== WHAT THE EXERCISE ASKS ==
Keep to one stretch of the data below, the lines from the one with "Lemma split_half_cat L" up to and including the one with "rewrite -IH // /arm_count /= addbF size_cat.", and return that stretch exactly.

(Stored data)
(* Fix a positive integer $n$ and two partitions $\Lambda_w$ and $\Lambda_b$ of $n$. Then $$\sum_{T\in\mathbf{W}_{\Lambda_w,\Lambda_b}}\omega(T)-\sum_{T\in\mathbf{B}_{\Lambda_w,\Lambda_b}}\omega(T)=0.$$
   Context: A black and white tree is a finite tree embedded in $\mathbb{C}$ whose vertices are colored black and white so that adjacent vertices have different colors. It is real if it is invariant (including colors) under complex conjugation. Two real trees are isomorphic if one is carried to the other by a homeomorphism of $\mathbb{C}$ commuting with complex conjugation and preserving the orientation of the real axis (and the colors); trees are considered up to isomorphism. The real vertices of a real tree $T$ are its vertices on $\mathbb{R}$; the real part sequence of $T$ is the sequence of (color, degree) of the real vertices from left to right; the first and last real vertices are the border vertices. The weight $\omega(T)$: if the real part sequence is not symmetric (not a palindrome), $\omega(T)=0$; if $T$ has only one real vertex, $\omega(T)=1$; if the real part sequence is symmetric, $T$ has more than one real vertex and the middle real vertex has the same color as the border vertices, $\omega(T)=-1$; if it is symmetric, with more than one real vertex, and the middle real vertex has a different color from the border vertices, $\omega(T)=1$. $T$ is white side (resp. black side) if its rightmost real vertex is white (resp. black). $\mathbf{W}_{\Lambda_w,\Lambda_b}$ (resp. $\mathbf{B}_{\Lambda_w,\Lambda_b}$) is the set of isomorphism classes of white side (resp. black side) real trees with white vertex degrees $\Lambda_w$ and black vertex degrees $\Lambda_b$. *)

From mathcomp Require Import all_boot all_order all_algebra.
From Stdlib Require List.
Set Implicit Arguments. Unset Strict Implicit. Unset Printing Implicit Defensive.
Import GRing.Theory Num.Theory.

Definition white : bool := true.
Definition black : bool := false.

(* A planted plane tree lying in the open upper half-plane: a node together
   with the (counterclockwise ordered) list of subtrees hanging from it. *)
Inductive ptree := PNode of seq ptree.

(* A real tree up to isomorphism: the colour of the leftmost real vertex, and
   for each real vertex (left to right, there is at least one) the ordered
   list of planted plane trees attached to it in the upper half-plane
   (ordered counterclockwise, from the positive real direction).  The lower
   half-plane part is the complex conjugate. *)
Record rtree := RTree {
  rt_col : bool;
  rt_first : seq ptree;
  rt_rest : seq (seq ptree)
}.

Definition rforests (T : rtree) : seq (seq ptree) := rt_first T :: rt_rest T.
Definition rsize (T : rtree) : nat := size (rforests T).
Definition rforest (T : rtree) (i : nat) : seq ptree := nth [::] (rforests T) i.
Definition rcol (T : rtree) (i : nat) : bool := rt_col T (+) odd i.
(* degree of the i-th real vertex: real neighbours + upper and lower edges *)
Definition rdeg (T : rtree) (i : nat) : nat :=
  (0 < i) + (i < (rsize T).-1) + 2 * size (rforest T i).

(* (colour, degree) of the vertices of a planted tree whose root has colour col;
   the root's degree counts the edge to its parent. *)
Fixpoint pdegs (col : bool) (t : ptree) : seq (bool * nat) :=
  let: PNode ch := t in
  (col, (size ch).+1) :: flatten [seq pdegs (~~ col) c | c <- ch].

Definition real_part_seq (T : rtree) : seq (bool * nat) :=
  [seq (rcol T i, rdeg T i) | i <- iota 0 (rsize T)].

Definition upper_vertices (T : rtree) : seq (bool * nat) :=
  flatten [seq flatten [seq pdegs (~~ rcol T i) t | t <- rforest T i]
          | i <- iota 0 (rsize T)].

(* all vertices: real ones, upper ones, and their complex conjugates *)
Definition all_vertices (T : rtree) : seq (bool * nat) :=
  real_part_seq T ++ upper_vertices T ++ upper_vertices T.

Definition white_degrees (T : rtree) : seq nat :=
  [seq p.2 | p <- all_vertices T & p.1 == white].
Definition black_degrees (T : rtree) : seq nat :=
  [seq p.2 | p <- all_vertices T & p.1 == black].

Definition white_side (T : rtree) : bool := rcol T (rsize T).-1 == white.
Definition black_side (T : rtree) : bool := rcol T (rsize T).-1 == black.

Definition omega (T : rtree) : int :=
  let s := real_part_seq T in
  if s != rev s then 0%R
  else if size s == 1 then 1%R
  else if (nth (white, 0) s (size s)./2).1 == (nth (white, 0) s 0).1
       then (-1)%R else 1%R.

Definition is_partition (n : nat) (l : seq nat) : bool :=
  [&& all (fun x => 0 < x) l, sorted geq l & sumn l == n].

Definition in_W (Lw Lb : seq nat) (T : rtree) : Prop :=
  [/\ white_side T, perm_eq (white_degrees T) Lw & perm_eq (black_degrees T) Lb].
Definition in_B (Lw Lb : seq nat) (T : rtree) : Prop :=
  [/\ black_side T, perm_eq (white_degrees T) Lw & perm_eq (black_degrees T) Lb].

From mathcomp Require Import all_boot all_order all_algebra.
From Stdlib Require List Permutation.
From mathcomp Require Import zify.
Import GRing.Theory Num.Theory.

(* Weigh white side trees by +omega and black side trees by -omega.  This
   signed weight vanishes unless the real part sequence is a palindrome; it is
   then +s(T) if T has a single real vertex and -s(T) otherwise, where s(T) is
   +1 or -1 according to the colour of the middle real vertex.  A palindromic
   tree with 2k+1 > 1 real vertices is folded at its middle vertex: the two
   real vertices at distance j from it become one vertex of the upper
   half-plane (plus its conjugate), at depth j of a chain hanging from the
   middle vertex, and carry both of their upper forests.  By mirror symmetry
   the two real vertices have the same degree, which is also the degree of the
   merged one; so folding preserves the colours and degrees of all vertices and
   the middle colour, and it is a bijection onto the trees with a single real
   vertex of positive degree.  Hence the two kinds of contributions cancel. *)

Lemma big_nat_centered (R : Type) (idx : R) (op : Monoid.com_law idx) n (f : nat -> R) :
  \big[op/idx]_(0 <= i < (n + n).+1) f i
  = op (f n) (\big[op/idx]_(0 <= j < n) op (f (n - j.+1)) (f (n + j.+1))).
Proof.
rewrite (big_cat_nat (leq0n n) (_ : n <= (n + n).+1)); last by lia.
rewrite (big_cat_nat (leqnSn n) (_ : n.+1 <= (n + n).+1)); last by lia.
rewrite big_nat1 big_nat_rev add0n -{1}[n.+1]add0n big_addn.
rewrite (_ : (n + n).+1 - n.+1 = n); last by lia.
rewrite big_split Monoid.mulmCA; congr (op _ (op _ _)).
by apply: eq_bigr => j _; rewrite addnC addSnnS.
Qed.

Lemma big_Permutation [R : Type] [idx : R] [op : Monoid.com_law idx] [I : Type]
    [s t : seq I] (F : I -> R) :
  Permutation.Permutation s t -> \big[op/idx]_(i <- s) F i = \big[op/idx]_(i <- t) F i.
Proof.
elim=> [|x s' t' _ IH|x y s'|s1 s2 s3 _ IH1 _ IH2]; rewrite ?big_cons ?IH //.
  by rewrite Monoid.mulmCA.
by rewrite IH1 IH2.
Qed.

Lemma eq_big_In [R : Type] [idx : R] [op : R -> R -> R] [I : Type] [s : seq I] (F G : I -> R) :
  (forall i, List.In i s -> F i = G i) ->
  \big[op/idx]_(i <- s) F i = \big[op/idx]_(i <- s) G i.
Proof.
elim: s => [|x s IH] eqFG; first by rewrite !big_nil.
rewrite !big_cons eqFG /=; last by left.
by rewrite IH // => i s_i; apply: eqFG; right.
Qed.

Definition forest_vertices (c : bool) (F : seq ptree) : seq (bool * nat) :=
  flatten [seq pdegs c t | t <- F].

Lemma forest_vertices_cat c F1 F2 :
  forest_vertices c (F1 ++ F2) = forest_vertices c F1 ++ forest_vertices c F2.
Proof. by rewrite /forest_vertices map_cat flatten_cat. Qed.

Definition vertex_count (T : rtree) (x : bool * nat) (i : nat) : nat :=
  ((rcol T i, rdeg T i) == x)
  + 2 * count_mem x (forest_vertices (~~ rcol T i) (rforest T i)).

Lemma count_all_vertices T x :
  count_mem x (all_vertices T) = \sum_(0 <= i < rsize T) vertex_count T x i.
Proof.
have count_real : count_mem x (real_part_seq T)
    = \sum_(0 <= i < rsize T) ((rcol T i, rdeg T i) == x).
  by rewrite count_map -sumn_count sumnE big_map /index_iota subn0.
have count_upper : count_mem x (upper_vertices T)
    = \sum_(0 <= i < rsize T) count_mem x (forest_vertices (~~ rcol T i) (rforest T i)).
  by rewrite count_flatten sumnE !big_map /index_iota subn0.
rewrite /all_vertices count_cat count_real count_cat count_upper -!big_split /=.
by apply: eq_bigr => i _; rewrite addnn -mul2n.
Qed.

Notation arm := (seq ptree * seq ptree)%type.
Definition empty_arm : arm := ([::], [::]).

Definition balanced (h : seq arm) : bool := all (fun p => size p.1 == size p.2) h.

Fixpoint fold_arms (h : seq arm) : ptree :=
  match h with
  | [::] => PNode [::]
  | [:: p] => PNode (p.1 ++ p.2)
  | p :: h' => PNode (fold_arms h' :: p.1 ++ p.2)
  end.

Definition split_half (F : seq ptree) : arm := (take (size F)./2 F, drop (size F)./2 F).

(* Balanced arms contribute an even number of children, so an odd number of
   children means that the first child continues the chain. *)
Fixpoint unfold_arms (t : ptree) : seq arm :=
  let: PNode ch := t in
  if odd (size ch) then
    if ch is t' :: F then split_half F :: unfold_arms t' else [::]
  else [:: split_half ch].

Lemma split_half_cat L R : size L = size R -> split_half (L ++ R) = (L, R).
Proof.
by move=> eqLR; rewrite /split_half size_cat -eqLR addnn half_double take_size_cat ?drop_size_cat.
Qed.

Lemma split_half_balanced F : ~~ odd (size F) -> size (split_half F).1 == size (split_half F).2.
Proof.
move=> evenF; have := odd_double_half (size F); rewrite (negbTE evenF) add0n -addnn => eF.
by rewrite /= size_drop size_takel -{2}eF ?addnK ?leq_addr.
Qed.

Lemma fold_armsK h : 0 < size h -> balanced h -> unfold_arms (fold_arms h) = h.
Proof.
elim: h => [|p [|q h] IH] //= _ /andP[/eqP eq_p bal_h].
  by rewrite size_cat -eq_p addnn odd_double split_half_cat // -surjective_pairing.
by rewrite size_cat -eq_p addnn odd_double split_half_cat // -surjective_pairing IH.
Qed.

Lemma size_unfold_arms_gt0 t : 0 < size (unfold_arms t).
Proof. by case: t => [[|t' F]] //=; case: ifP. Qed.

Lemma unfold_arms_balanced : forall t, balanced (unfold_arms t).
Proof.
fix IH 1 => -[ch] /=; case: ifP => odd_ch.
  case: ch odd_ch => [|t' F] //= odd_F.
  by rewrite /= IH andbT; apply: split_half_balanced.
by rewrite /= andbT; apply: split_half_balanced; rewrite odd_ch.
Qed.

Lemma unfold_armsK : forall t, fold_arms (unfold_arms t) = t.
Proof.
fix IH 1 => -[ch] /=; case: ifP => odd_ch.
  case: ch odd_ch => [|t' F] //= _.
  have := IH t'; have := size_unfold_arms_gt0 t'.
  by case: (unfold_arms t') => [|q h] //= _ ->; rewrite cat_take_drop.
by rewrite /= cat_take_drop.
Qed.

Definition arm_count (c : bool) (h : seq arm) (x : bool * nat) (j : nat) : nat :=
  let p := nth empty_arm h j in
  ((c (+) odd j, (j.+1 < size h) + (size p.1 + size p.2).+1) == x)
  + count_mem x (forest_vertices (~~ (c (+) odd j)) (p.1 ++ p.2)).

Lemma count_pdegs_fold_arms c h x : 0 < size h ->
  count_mem x (pdegs c (fold_arms h)) = \sum_(0 <= j < size h) arm_count c h x j.
Proof.
elim: h c => [|p [|q h] IH] c // _.
  by rewrite big_nat1 /arm_count /= addbF size_cat.
rewrite big_nat_recl // (eq_bigr (arm_count (~~ c) (q :: h) x)); last first.
  by move=> j _; rewrite /arm_count /= addbN -addNb.
rewrite -IH // /arm_count /= addbF size_cat.
by rewrite count_cat add1n -addnA [count_mem x (forest_vertices _ _) + _]addnC.
Qed.

(* The real vertices of [centered_tree cm F h] are numbered -k..k (k = size h)
   from left to right; vertex 0 has colour cm and upper forest F, and the j-th
   arm of h holds the upper forests of the vertices -(j+1) and j+1. *)
Definition centered_forests (F : seq ptree) (h : seq arm) : seq (seq ptree) :=
  rev (map fst h) ++ F :: map snd h.

Definition centered_tree (cm : bool) (F : seq ptree) (h : seq arm) : rtree :=
  RTree (cm (+) odd (size h)) (head [::] (centered_forests F h))
        (behead (centered_forests F h)).

Section CenteredTree.
Variables (cm : bool) (F : seq ptree) (h : seq arm).
Local Notation T := (centered_tree cm F h).

Lemma rforests_centered : rforests T = centered_forests F h.
Proof. by rewrite /rforests /centered_tree /centered_forests /=; case: (rev _). Qed.

Lemma rsize_centered : rsize T = (size h + size h).+1.
Proof.
by rewrite /rsize rforests_centered /centered_forests size_cat /= size_rev !size_map addnS.
Qed.

Lemma rforest_centered_mid : rforest T (size h) = F.
Proof.
by rewrite /rforest rforests_centered /centered_forests nth_cat size_rev size_map ltnn subnn.
Qed.

Lemma rforest_centered_left j : j < size h -> rforest T (size h - j.+1) = (nth empty_arm h j).1.
Proof.
move=> lt_j; rewrite /rforest rforests_centered /centered_forests nth_cat size_rev size_map.
rewrite ifT; last by lia.
by rewrite nth_rev size_map ?subnSK ?subKn ?(nth_map empty_arm) //; lia.
Qed.

Lemma rforest_centered_right j : j < size h -> rforest T (size h + j.+1) = (nth empty_arm h j).2.
Proof.
move=> lt_j; rewrite /rforest rforests_centered /centered_forests nth_cat size_rev size_map.
rewrite ifF; last by lia.
by rewrite addKn /= (nth_map empty_arm).
Qed.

== EXERCISE SOLUTION ==
Lemma split_half_cat L R : size L = size R -> split_half (L ++ R) = (L, R).
Proof.
by move=> eqLR; rewrite /split_half size_cat -eqLR addnn half_double take_size_cat ?drop_size_cat.
Qed.

Lemma split_half_balanced F : ~~ odd (size F) -> size (split_half F).1 == size (split_half F).2.
Proof.
move=> evenF; have := odd_double_half (size F); rewrite (negbTE evenF) add0n -addnn => eF.
by rewrite /= size_drop size_takel -{2}eF ?addnK ?leq_addr.
Qed.

Lemma fold_armsK h : 0 < size h -> balanced h -> unfold_arms (fold_arms h) = h.
Proof.
elim: h => [|p [|q h] IH] //= _ /andP[/eqP eq_p bal_h].
  by rewrite size_cat -eq_p addnn odd_double split_half_cat // -surjective_pairing.
by rewrite size_cat -eq_p addnn odd_double split_half_cat // -surjective_pairing IH.
Qed.

Lemma size_unfold_arms_gt0 t : 0 < size (unfold_arms t).
Proof. by case: t => [[|t' F]] //=; case: ifP. Qed.

Lemma unfold_arms_balanced : forall t, balanced (unfold_arms t).
Proof.
fix IH 1 => -[ch] /=; case: ifP => odd_ch.
  case: ch odd_ch => [|t' F] //= odd_F.
  by rewrite /= IH andbT; apply: split_half_balanced.
by rewrite /= andbT; apply: split_half_balanced; rewrite odd_ch.
Qed.

Lemma unfold_armsK : forall t, fold_arms (unfold_arms t) = t.
Proof.
fix IH 1 => -[ch] /=; case: ifP => odd_ch.
  case: ch odd_ch => [|t' F] //= _.
  have := IH t'; have := size_unfold_arms_gt0 t'.
  by case: (unfold_arms t') => [|q h] //= _ ->; rewrite cat_take_drop.
by rewrite /= cat_take_drop.
Qed.

Definition arm_count (c : bool) (h : seq arm) (x : bool * nat) (j : nat) : nat :=
  let p := nth empty_arm h j in
  ((c (+) odd j, (j.+1 < size h) + (size p.1 + size p.2).+1) == x)
  + count_mem x (forest_vertices (~~ (c (+) odd j)) (p.1 ++ p.2)).

Lemma count_pdegs_fold_arms c h x : 0 < size h ->
  count_mem x (pdegs c (fold_arms h)) = \sum_(0 <= j < size h) arm_count c h x j.
Proof.
elim: h c => [|p [|q h] IH] c // _.
  by rewrite big_nat1 /arm_count /= addbF size_cat.
rewrite big_nat_recl // (eq_bigr (arm_count (~~ c) (q :: h) x)); last first.
  by move=> j _; rewrite /arm_count /= addbN -addNb.
rewrite -IH // /arm_count /= addbF size_cat.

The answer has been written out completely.